- Prepare the Eggs and Herbs: In a medium mixing bowl, whisk together the 4 whole eggs and 8 egg whites until uniformly yellow and slightly frothy. Set aside. In a separate small bowl, combine the chopped fresh parsley and dill. 
- Bloom the Aromatics: Heat the extra virgin olive oil in a large, 12-inch non-stick skillet over medium heat. Add the minced garlic and the white parts of the green onions. Sauté for 60 seconds until fragrant, being careful not to brown the garlic. 
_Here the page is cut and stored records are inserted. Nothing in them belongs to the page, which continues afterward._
(* Values on the unit square are in the supremum, and periodicity carries the
   bounds to the whole plane. *)
Lemma C2norm_bounds f : periodic1 f -> C2 f -> forall x y,
  Rabs (f x y) <= C2norm f /\ Rabs (D1 f x y) <= C2norm f /\ Rabs (D2 f x y) <= C2norm f /\
  Rabs (D1 (D1 f) x y) <= C2norm f /\ Rabs (D2 (D2 f) x y) <= C2norm f.
Proof.
  intros P Hc.
  assert (B : forall h, periodic1 h ->
                (forall x y, 0 <= x <= 1 -> 0 <= y <= 1 -> C2_values f (Rabs (h x y))) ->
                forall x y, Rabs (h x y) <= C2norm f).
  { intros h Ph Hh; apply periodic1_bound; auto; intros; apply le_C2norm; auto. }
  intros x y; repeat split; apply B; auto using periodic1_D1, periodic1_D2;
    intros u v Hu Hv; exists u, v; do 2 (split; auto); tauto.
Qed.

Lemma C2_is_derive f : C2 f ->
  (forall x y, is_derive (fun t => f t y) x (D1 f x y)) /\
  (forall x y, is_derive (fun t => D1 f t y) x (D1 (D1 f) x y)) /\
  (forall x y, is_derive (fun t => f x t) y (D2 f x y)) /\
  (forall x y, is_derive (fun t => D2 f x t) y (D2 (D2 f) x y)).
Proof.
  intros (e1 & e2 & e11 & _ & _ & e22 & _).
  split; [|split; [|split]]; intros; apply Derive_correct; auto.
Qed.

Lemma C2_Lipschitz_l f : periodic1 f -> C2 f -> forall y, Lipschitz (fun x => f x y) (C2norm f).
Proof.
  intros P Hc y; apply (Lipschitz_of_derive_bound _ (fun x => D1 f x y)).
  - intros; apply (C2_is_derive f Hc).
  - intros; apply (C2norm_bounds f P Hc).
Qed.

Lemma C2_Lipschitz_r f : periodic1 f -> C2 f -> forall x, Lipschitz (fun y => f x y) (C2norm f).
Proof.
  intros P Hc x; apply (Lipschitz_of_derive_bound _ (fun y => D2 f x y)).
  - intros; apply (C2_is_derive f Hc).
  - intros; apply (C2norm_bounds f P Hc).
Qed.

(** * Discrete Fourier analysis on Z_N *)

Lemma sin_add_2PI_diff w x y : sin (w + 2 * PI * (INR y - INR x)) = sin w.
Proof.
  replace (w + 2 * PI * (INR y - INR x)) with ((w - 2 * PI * INR x) + 2 * INR y * PI) by ring.
  rewrite sin_period, <- (sin_period (w - 2 * PI * INR x) x); f_equal; ring.
Qed.

Lemma cos_add_2PI_diff w x y : cos (w + 2 * PI * (INR y - INR x)) = cos w.
Proof.
  replace (w + 2 * PI * (INR y - INR x)) with ((w - 2 * PI * INR x) + 2 * INR y * PI) by ring.
  rewrite cos_period, <- (cos_period (w - 2 * PI * INR x) x); f_equal; ring.
Qed.

Lemma sum_n_cos_mul a n :
  2 * sin (a / 2) * sum_n (fun m => cos (a * INR m)) n = sin (a * (INR n + 1 / 2)) + sin (a / 2).
Proof.
  induction n as [|n IH].
  - rewrite sum_O; simpl; rewrite Rmult_0_r, cos_0.
    replace (a * (0 + 1 / 2)) with (a / 2) by field; ring.
  - rewrite sum_n_RSn, Rmult_plus_distr_l, IH.
    set (w := a * INR (S n)).
    replace (a * (INR n + 1 / 2)) with (w - a / 2) by (unfold w; rewrite S_INR; field).
    replace (a * (INR (S n) + 1 / 2)) with (w + a / 2) by (unfold w; field).
    rewrite sin_plus, sin_minus; ring.
Qed.

Lemma sum_n_sin_mul a n :
  2 * sin (a / 2) * sum_n (fun m => sin (a * INR m)) n = cos (a / 2) - cos (a * (INR n + 1 / 2)).
Proof.
  induction n as [|n IH].
  - rewrite sum_O; simpl; rewrite Rmult_0_r, sin_0.
    replace (a * (0 + 1 / 2)) with (a / 2) by field; ring.
  - rewrite sum_n_RSn, Rmult_plus_distr_l, IH.
    set (w := a * INR (S n)).
    replace (a * (INR n + 1 / 2)) with (w - a / 2) by (unfold w; rewrite S_INR; field).
    replace (a * (INR (S n) + 1 / 2)) with (w + a / 2) by (unfold w; field).
    rewrite cos_plus, cos_minus; ring.
Qed.

Lemma sin_PI_frac_neq_0 N x y : (x < N)%nat -> (y < N)%nat -> x <> y ->
  sin (2 * PI * (INR y - INR x) / INR N / 2) <> 0.
Proof.
  intros Hx Hy Hxy.
  assert (HN : 0 < INR N) by (apply lt_0_INR; lia).
  apply lt_INR in Hx, Hy; pose proof (pos_INR x); pose proof (pos_INR y); pose proof PI_RGT_0.
  assert (Hpos : forall d, 0 < d < INR N -> 0 < sin (PI * (d / INR N))).
  { intros d Hd; apply sin_gt_0.
    - apply Rmult_lt_0_compat; [lra | apply Rdiv_lt_0_compat; lra].
    - rewrite <- (Rmult_1_r PI) at 2; apply Rmult_lt_compat_l; [lra|].
      apply Rmult_lt_reg_r with (INR N); [lra|].
      unfold Rdiv; rewrite Rmult_assoc, Rinv_l; lra. }
  replace (2 * PI * (INR y - INR x) / INR N / 2) with (PI * ((INR y - INR x) / INR N))
    by (field; lra).
  destruct (Nat.lt_ge_cases x y) as [L|L].
  - apply lt_INR in L; apply Rgt_not_eq, Hpos; lra.
  - assert (L' : (y < x)%nat) by lia; apply lt_INR in L'.
    replace (PI * ((INR y - INR x) / INR N)) with (- (PI * ((INR x - INR y) / INR N)))
      by (field; lra).
    rewrite sin_neg; apply Ropp_neq_0_compat, Rgt_not_eq, Hpos; lra.
Qed.

Lemma sum_n_cos_orthogonality N x y : (x < N)%nat -> (y < N)%nat ->
  sum_n (fun m => cos (2 * PI * (INR y - INR x) / INR N * INR m)) (N - 1)
  = if Nat.eqb x y then INR N else 0.
Proof.
  intros Hx Hy; assert (HN : 0 < INR N) by (apply lt_0_INR; lia).
  destruct (Nat.eqb_spec x y) as [<-|Hxy].
  - rewrite (sum_n_Rext _ (fun _ => 1)), sum_n_const.
    + replace (S (N - 1)) with N by lia; lra.
    + intros; replace (2 * PI * (INR x - INR x) / INR N * INR k) with 0 by (field; lra).
      apply cos_0.
  - set (a := 2 * PI * (INR y - INR x) / INR N).
    pose proof (sum_n_cos_mul a (N - 1)) as T.
    replace (a * (INR (N - 1) + 1 / 2)) with (- (a / 2) + 2 * PI * (INR y - INR x)) in T
      by (rewrite minus_INR by lia; unfold a; simpl; field; lra).
    rewrite sin_add_2PI_diff, sin_neg in T.
    apply Rmult_eq_reg_l with (2 * sin (a / 2)); [rewrite T; ring|].
    pose proof (sin_PI_frac_neq_0 N x y Hx Hy Hxy) as Hne; fold a in Hne; lra.
Qed.

Lemma sum_n_sin_orthogonality N x y : (x < N)%nat -> (y < N)%nat ->
  sum_n (fun m => sin (2 * PI * (INR y - INR x) / INR N * INR m)) (N - 1) = 0.
Proof.
  intros Hx Hy; assert (HN : 0 < INR N) by (apply lt_0_INR; lia).
  destruct (Nat.eq_dec x y) as [<-|Hxy].
  - rewrite (sum_n_Rext _ (fun _ => 0)), sum_n_const; [lra|].
    intros; replace (2 * PI * (INR x - INR x) / INR N * INR k) with 0 by (field; lra).
    apply sin_0.
  - set (a := 2 * PI * (INR y - INR x) / INR N).
    pose proof (sum_n_sin_mul a (N - 1)) as T.
    replace (a * (INR (N - 1) + 1 / 2)) with (- (a / 2) + 2 * PI * (INR y - INR x)) in T
      by (rewrite minus_INR by lia; unfold a; simpl; field; lra).
    rewrite cos_add_2PI_diff, cos_neg in T.
    apply Rmult_eq_reg_l with (2 * sin (a / 2)); [rewrite T; ring|].
    pose proof (sin_PI_frac_neq_0 N x y Hx Hy Hxy) as Hne; fold a in Hne; lra.
Qed.

(* Real and imaginary parts of the DFT [m |-> sum_x chi(-x m) (p x + i q x)]. *)
Definition dft_angle (N x m : nat) : R := 2 * PI * (- (INR x * INR m)) / INR N.

Definition dft_re N (p q : nat -> R) m : R :=
  sum_n (fun x => cos (dft_angle N x m) * p x - sin (dft_angle N x m) * q x) (N - 1).

Definition dft_im N (p q : nat -> R) m : R :=
  sum_n (fun x => cos (dft_angle N x m) * q x + sin (dft_angle N x m) * p x) (N - 1).

Lemma dft_Parseval N p q : (0 < N)%nat ->
  sum_n (fun m => dft_re N p q m ^ 2 + dft_im N p q m ^ 2) (N - 1)
  = INR N * sum_n (fun x => p x ^ 2 + q x ^ 2) (N - 1).
Proof.
  intros HN0; assert (HN : 0 < INR N) by (apply lt_0_INR; lia).
  set (n := (N - 1)%nat).
  set (K := fun m x y =>
    cos (2 * PI * (INR y - INR x) / INR N * INR m) * (p x * p y + q x * q y)
    + sin (2 * PI * (INR x - INR y) / INR N * INR m) * (q x * p y - p x * q y)).
  transitivity (sum_n (fun m => sum_n (fun x => sum_n (fun y => K m x y) n) n) n).
  { apply sum_n_Rext; intros m _; unfold dft_re, dft_im; fold n; rewrite !sum_n_sqr.
    rewrite <- sum_n_Rplus; apply sum_n_Rext; intros x _.
    rewrite <- sum_n_Rplus; apply sum_n_Rext; intros y _; unfold K.
    replace (2 * PI * (INR y - INR x) / INR N * INR m)
      with (dft_angle N x m - dft_angle N y m) by (unfold dft_angle; field; lra).
    replace (2 * PI * (INR x - INR y) / INR N * INR m)
      with (dft_angle N y m - dft_angle N x m) by (unfold dft_angle; field; lra).
    rewrite cos_minus, sin_minus; ring. }
  rewrite (sum_n_switch (fun m x => sum_n (fun y => K m x y) n)).
  rewrite (sum_n_Rext _ (fun x => INR N * (p x ^ 2 + q x ^ 2))), sum_n_Rmult_l; [reflexivity|].
  intros x Hx; rewrite (sum_n_switch (fun m y => K m x y)).
  rewrite (sum_n_Rext _ (fun y => if Nat.eqb x y then INR N * (p y * p y + q y * q y) else 0)).
  - rewrite sum_n_delta by auto; ring.
  - intros y Hy; unfold K; rewrite sum_n_Rplus, !sum_n_Rmult_r.
    rewrite sum_n_cos_orthogonality, sum_n_sin_orthogonality by (unfold n in *; lia).
    destruct (Nat.eqb_spec x y); [subst|]; ring.
Qed.

Lemma fst_sum_n (F : nat -> C) n : fst (sum_n F n) = sum_n (fun k => fst (F k)) n.
Proof.
  induction n as [|n IH]; [now rewrite !sum_O|].
  now rewrite sum_Sn, sum_n_RSn, <- IH.
Qed.

Lemma snd_sum_n (F : nat -> C) n : snd (sum_n F n) = sum_n (fun k => snd (F k)) n.
Proof.
  induction n as [|n IH]; [now rewrite !sum_O|].
  now rewrite sum_Sn, sum_n_RSn, <- IH.
Qed.

Lemma fst_RtoC_Cmult a z : fst (Cmult (RtoC a) z) = a * fst z.
Proof. destruct z; simpl; ring. Qed.

Lemma snd_RtoC_Cmult a z : snd (Cmult (RtoC a) z) = a * snd z.
Proof. destruct z; simpl; ring. Qed.

Lemma fst_Cmult_RtoC a z : fst (Cmult z (RtoC a)) = fst z * a.
Proof. destruct z; simpl; ring. Qed.

Lemma snd_Cmult_RtoC a z : snd (Cmult z (RtoC a)) = snd z * a.
Proof. destruct z; simpl; ring. Qed.

Lemma Cmod_sqr z : Cmod z ^ 2 = fst z ^ 2 + snd z ^ 2.
Proof.
  unfold Cmod; apply pow2_sqrt.
  pose proof (pow2_ge_0 (fst z)); pose proof (pow2_ge_0 (snd z)); lra.
Qed.

Lemma Cmod_le_Rabs_fst_snd z : Cmod z <= Rabs (fst z) + Rabs (snd z).
Proof.
  pose proof (Rabs_pos (fst z)); pose proof (Rabs_pos (snd z)).
  unfold Cmod; rewrite <- (sqrt_pow2 (Rabs (fst z) + Rabs (snd z))) by lra.
  apply sqrt_le_1_alt; rewrite <- (pow2_abs (fst z)), <- (pow2_abs (snd z)); nra.
Qed.

(* The two-dimensional transform is the DFT in [x1] of the DFTs in [x2] of the rows. *)
Definition row_dft_re N f m2 x1 : R := dft_re N (gN N f x1) (fun _ => 0) m2.
Definition row_dft_im N f m2 x1 : R := dft_im N (gN N f x1) (fun _ => 0) m2.

Lemma ghat_re_dft N f m1 m2 : (0 < N)%nat ->
  fst (ghat N f m1 m2) = / INR N * dft_re N (row_dft_re N f m2) (row_dft_im N f m2) m1.
Proof.
  intros HN0; assert (HN : 0 < INR N) by (apply lt_0_INR; lia).
  unfold ghat, sumZN; rewrite fst_RtoC_Cmult, fst_sum_n; f_equal.
  apply sum_n_Rext; intros x1 _; rewrite fst_sum_n.
  unfold row_dft_re, row_dft_im, dft_re, dft_im.
  rewrite <- !sum_n_Rmult_l, <- sum_n_Rminus; apply sum_n_Rext; intros x2 _.
  rewrite fst_Cmult_RtoC; unfold chi; simpl fst.
  replace (2 * PI * - (INR x1 * INR m1 + INR x2 * INR m2) / INR N)
    with (dft_angle N x1 m1 + dft_angle N x2 m2) by (unfold dft_angle; field; lra).
  rewrite cos_plus; ring.
Qed.

Lemma ghat_im_dft N f m1 m2 : (0 < N)%nat ->
  snd (ghat N f m1 m2) = / INR N * dft_im N (row_dft_re N f m2) (row_dft_im N f m2) m1.
Proof.
  intros HN0; assert (HN : 0 < INR N) by (apply lt_0_INR; lia).
  unfold ghat, sumZN; rewrite snd_RtoC_Cmult, snd_sum_n; f_equal.
  apply sum_n_Rext; intros x1 _; rewrite snd_sum_n.
  unfold row_dft_re, row_dft_im, dft_re, dft_im.
  rewrite <- !sum_n_Rmult_l, <- sum_n_Rplus; apply sum_n_Rext; intros x2 _.
  rewrite snd_Cmult_RtoC; unfold chi; simpl snd.
  replace (2 * PI * - (INR x1 * INR m1 + INR x2 * INR m2) / INR N)
    with (dft_angle N x1 m1 + dft_angle N x2 m2) by (unfold dft_angle; field; lra).
  rewrite sin_plus; ring.
Qed.

Lemma ghat_Parseval N f : (0 < N)%nat ->
  sumZN N (fun m1 => sumZN N (fun m2 => Cmod (ghat N f m1 m2) ^ 2))
  = torus_sum N (rescale N (fun x y => f x y ^ 2)).
Proof.
  intros HN0; assert (HN : 0 < INR N) by (apply lt_0_INR; lia).
  unfold sumZN.
  rewrite (sum_n_Rext _ (fun m1 => sum_n (fun m2 => / INR N ^ 2 *
             (dft_re N (row_dft_re N f m2) (row_dft_im N f m2) m1 ^ 2 + dft_im N (row_dft_re N f m2) (row_dft_im N f m2) m1 ^ 2)) (N - 1))).
  2:{ intros m1 _; apply sum_n_Rext; intros m2 _.
      rewrite Cmod_sqr, ghat_re_dft, ghat_im_dft by auto; field; lra. }
  rewrite (sum_n_switch (fun m1 m2 => / INR N ^ 2 *
             (dft_re N (row_dft_re N f m2) (row_dft_im N f m2) m1 ^ 2 + dft_im N (row_dft_re N f m2) (row_dft_im N f m2) m1 ^ 2))).
  rewrite (sum_n_Rext _ (fun m2 => / INR N * sum_n (fun x1 => row_dft_re N f m2 x1 ^ 2 + row_dft_im N f m2 x1 ^ 2) (N - 1))).
  2:{ intros m2 _; rewrite sum_n_Rmult_l, dft_Parseval by auto; field; lra. }
  rewrite sum_n_Rmult_l, (sum_n_switch (fun m2 x1 => row_dft_re N f m2 x1 ^ 2 + row_dft_im N f m2 x1 ^ 2)).
  rewrite (sum_n_Rext _ (fun x1 => INR N * sum_n (fun x2 => gN N f x1 x2 ^ 2) (N - 1))).
  2:{ intros x1 _; unfold row_dft_re, row_dft_im; rewrite dft_Parseval by auto.
      f_equal; apply sum_n_Rext; intros; ring. }
  rewrite sum_n_Rmult_l; unfold torus_sum, rescale, gN; R_eq; field; lra.
Qed.

(** * Decay of the Fourier coefficients *)

Lemma torus_sum_ext N A B : (forall a b, A a b = B a b) -> torus_sum N A = torus_sum N B.
Proof. intros H; unfold torus_sum; apply sum_n_Rext; intros; apply sum_n_Rext; auto. Qed.

Lemma torus_sum_plus N A B :
  torus_sum N (fun a b => A a b + B a b) = torus_sum N A + torus_sum N B.
Proof. unfold torus_sum; rewrite <- sum_n_Rplus; apply sum_n_Rext; intros; apply sum_n_Rplus. Qed.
- Build the Garden Base: Add the diced red bell pepper to the skillet and cook for 3-4 minutes, stirring occasionally, until it begins to soften. Add the halved cherry tomatoes, chopped sun-dried tomatoes, and dried oregano. Cook for another 2-3 minutes, until the tomatoes just begin to release their juices. 
- Wilt the Greens: Add the baby spinach to the skillet in large handfuls. Gently stir until it has completely wilted down into the vegetable mixture, which should take about 1-2 minutes. Season generously with freshly ground black pepper. 
- Create the Silken Curds: Pour the whisked egg mixture evenly over the vegetables in the skillet. Allow it to sit undisturbed for about 45-60 seconds to let the bottom set slightly. Using a silicone spatula, gently push the eggs from the edges of the pan toward the center, creating large, soft curds. 
- Finish with Finesse: When the eggs are about 90% cooked but still have a slight liquid sheen, remove the skillet from the heat. Sprinkle the crumbled feta, the reserved green parts of the green onions, and the fresh parsley-dill mixture over the top. Drizzle with the fresh lemon juice. 
- Serve Immediately: Gently fold the ingredients together one last time; the residual heat will finish cooking the eggs to perfection. Immediately divide the scramble among four plates, serving each with a slice of toasted whole-grain bread.